Sometimes it’s hard to find the positive: Help us out
Published 4:42 pm Monday, April 30, 2018
On April 26, The Observer received a comment criticizing us for running a series of negative rants about the school system. It’s the third one down in today’s Rant and Rave column if you haven’t seen it yet.
The comment — which was anonymous, just like the ones it criticized — says we have the power to choose which rants we print and which ones we don’t. And it is correct.
It is The Observer’s goal on this opinion page — through the Rant and Rave, through syndicated columnists, through local and guest editorials, and through signed letters to the editor — to provide our readers with an assortment of opinions.
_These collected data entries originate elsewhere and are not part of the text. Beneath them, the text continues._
Lemma row_entry_gt0 r j : j < row_len alpha lam r -> 0 < entry r j.
Proof. by case: ssyt_T => T_gt0 _ _ /(in_shape_row k)/T_gt0. Qed.

Section FirstFoundationRow.

Hypothesis comp_alpha : is_composition alpha.
Hypothesis base_le : nth 0 lam 0 - k <= size alpha.

Local Notation r1 := (csize alpha).+1.
Local Notation base j := (entry r1 j).

Lemma base_row_count j x : j < row_len alpha lam r1 -> base j = x -> 1 < x ->
  (count (fun j' => base j' == x) (iota 0 j)).+1
  <= count (fun i => sumn (drop i alpha) == x.-1) (iota 0 (size alpha)).
Proof.
move=> lt_j Tj gt1x.
have := lattice_row lt_j Tj gt1x.
by rewrite /= !count_stair_word ?count_leq_pred //; lia.
Qed.

(* The box above lies in the bottom row of the staircase. *)
Lemma base_row_gt1 j : j < row_len alpha lam r1 - k -> 1 < base j.
Proof.
rewrite row_len_base => lt_j; case: ssyt_T => T_gt0 _ col_strict.
set i := size alpha + k + j - nth 0 lam 0.
have lt_i : i < size alpha by rewrite /i; lia.
have column : (row_hi alpha lam k r1 - Posz j = Posz (size alpha) - Posz i)%R.
  by rewrite row_hi_base /i; lia.
have h_gt0 : 0 < col_height alpha (csize alpha) i.
  by rewrite col_height_full; have := sumn_drop_ltn comp_alpha lt_i lt_i; rewrite drop_size.
have [stair_gt0 lt_i_last] := col_height_gt0 h_gt0 (leqnn _).
have in_last : in_shape alpha lam k (csize alpha) (Posz (size alpha) - Posz i)%R.
  by rewrite in_shape_stair ?stair_gt0 ?leqnn.
have in_base : in_shape alpha lam k r1 (Posz (size alpha) - Posz i)%R.
  by rewrite -column in_shape_row // row_len_base; lia.
rewrite column; have := col_strict _ _ _ in_last in_base (ltnSn _).
by have := T_gt0 _ _ in_last; lia.
Qed.

Lemma base_row_Rset j : j < row_len alpha lam r1 -> Rset alpha k (base j).
Proof.
move=> lt_j; have [gt1|le1] := ltnP 1 (base j).
  have /(leq_trans (ltn0Sn _)) := base_row_count lt_j erefl gt1.
  rewrite -has_count => /hasP[i]; rewrite mem_iota => /andP[_ lt_i] /eqP h_i.
  by rewrite -(prednK (ltnW gt1)) -h_i -add1n Rset_sumn_drop.
have base_gt0 := row_entry_gt0 lt_j.
apply/orP; right; apply/andP; split; last by apply/eqP; lia.
rewrite lt0n; apply/eqP => k0; move: (@base_row_gt1 j) le1; rewrite k0 subn0.
by move=> /(_ lt_j); lia.
Qed.

Lemma count_base_row_eq1 :
  count (fun j => base j == 1) (iota 0 (row_len alpha lam r1)) <= k.
Proof.
set l := row_len alpha lam r1.
apply: (@leq_trans (count (leq (l - k)) (iota 0 l))); last by rewrite count_iota_geq; lia.
apply: sub_in_count => j _ /= /eqP base1.
by rewrite leqNgt; apply/negP => /base_row_gt1; rewrite base1.
Qed.

Lemma count_base_row_le1 v : v != 1 ->
  count (fun j => base j == v) (iota 0 (row_len alpha lam r1)) <= 1.
Proof.
move=> v_ne1; apply: count_iota_le1 => j lt_j /eqP base_v.
have := row_entry_gt0 lt_j; rewrite base_v => v_gt0.
have gt1v : 1 < v by rewrite ltn_neqAle eq_sym v_ne1.
move: (base_row_count lt_j base_v gt1v).
move/leq_trans/(_ (count_sumn_drop_le1 v.-1 comp_alpha)).
by rewrite ltnS leqn0 => /eqP.
Qed.

End FirstFoundationRow.

End LatticeTableau.

Unset Implicit Arguments.

Theorem mainTheorem1 (alpha lam : seq nat) (k : nat) (T : nat -> int -> nat) :
  is_composition alpha ->
  is_partition lam ->
  (nth 0 lam 0 - k <= size alpha)%N ->
  is_SSYT alpha lam k T ->
  lattice (reading_word alpha lam k T) ->
  let r1 := (csize alpha).+1 in
  [/\ (forall c, in_shape alpha lam k r1 c -> Rset alpha k (T r1 c)),
      (count (fun c => T r1 c == 1%N) (row_cols alpha lam k r1) <= k)%N &
      (forall v, v != 1%N ->
         (count (fun c => T r1 c == v) (row_cols alpha lam k r1) <= 1)%N)].
Proof.
move=> comp_alpha _ base_le ssyt_T lattice_T r1.
split.
- by move=> c /in_shapeP[j lt_j ->]; apply: base_row_Rset.
- by rewrite count_map; apply: count_base_row_eq1.
- by move=> v v_ne1; rewrite count_map; apply: count_base_row_le1.
Qed.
Some we as individuals agree with, others we don’t. We work to emphasize local contributions, which typically includes the Rant and Rave.
The school system is important to local people. We know this in a variety of ways — from turnout at Packer football games, to the margin of success of the latest Education Special Purpose Local Option Sales Tax, to the number of school-related comments we receive on the Rant and Rave.
Rant and Rave tends to go in spurts. People will comment on one subject, someone will respond and it will go on for a while, then it will die off as commenters move to another topic. This “spurt” about the schools seems to have started with a comment on the prom that we received April 10 and published April 12. It continued with remarks about whether race should be an issue in deciding the next principal of a majority black school, whether the school system should fund large field trips instead of asking parents to contribute and whether schools are appropriately secure.
All of those are legitimate topics for public discussion, which is to say that people of good conscience could have opinions on either side of the issue based on their values and priorities. School system leadership could do what they legitimately believed was right for the students, and others could just as legitimately believe their action was wrong. And that makes for a vibrant debate on important public issues.
But that is not what we got.
Between April 10, when we received the prom comment, and April 26, when we received the comment critical of us, The Observer received 187 Rants and Raves. Fifty-nine of them were related to the schools, about a third.
All were negative. Forty-five were critical of a school, system administration or a policy. Fourteen were responses to one or more of those original rants and were critical or caustic toward the original ranter.
Between April 10 and 26, we actually ran only 24 school-related comments, compared to 71 that had nothing to do with the schools. Again, about a third.
But those 24 were all negative, because that’s all we’ve received.
So, if you want to see more positive comments about the schools — or any other topic that’s close to your heart — please send them. Visit www.moultrieobserver.com and scroll down to “Send a Comment” on the right-hand side. You can send a short comment to Rant and Rave from there.
Or better yet, click the link right above that and send us a letter to the editor. Unlike the Rant and Rave, it’s not anonymous. Knowing that you’re willing to put your name on your opinion gives it more weight, and a letter to the editor allows more room for you to explain your position.
While we absolutely can choose which comments are published in our paper, we will choose to be fair. But we can never publish the comment you don’t send.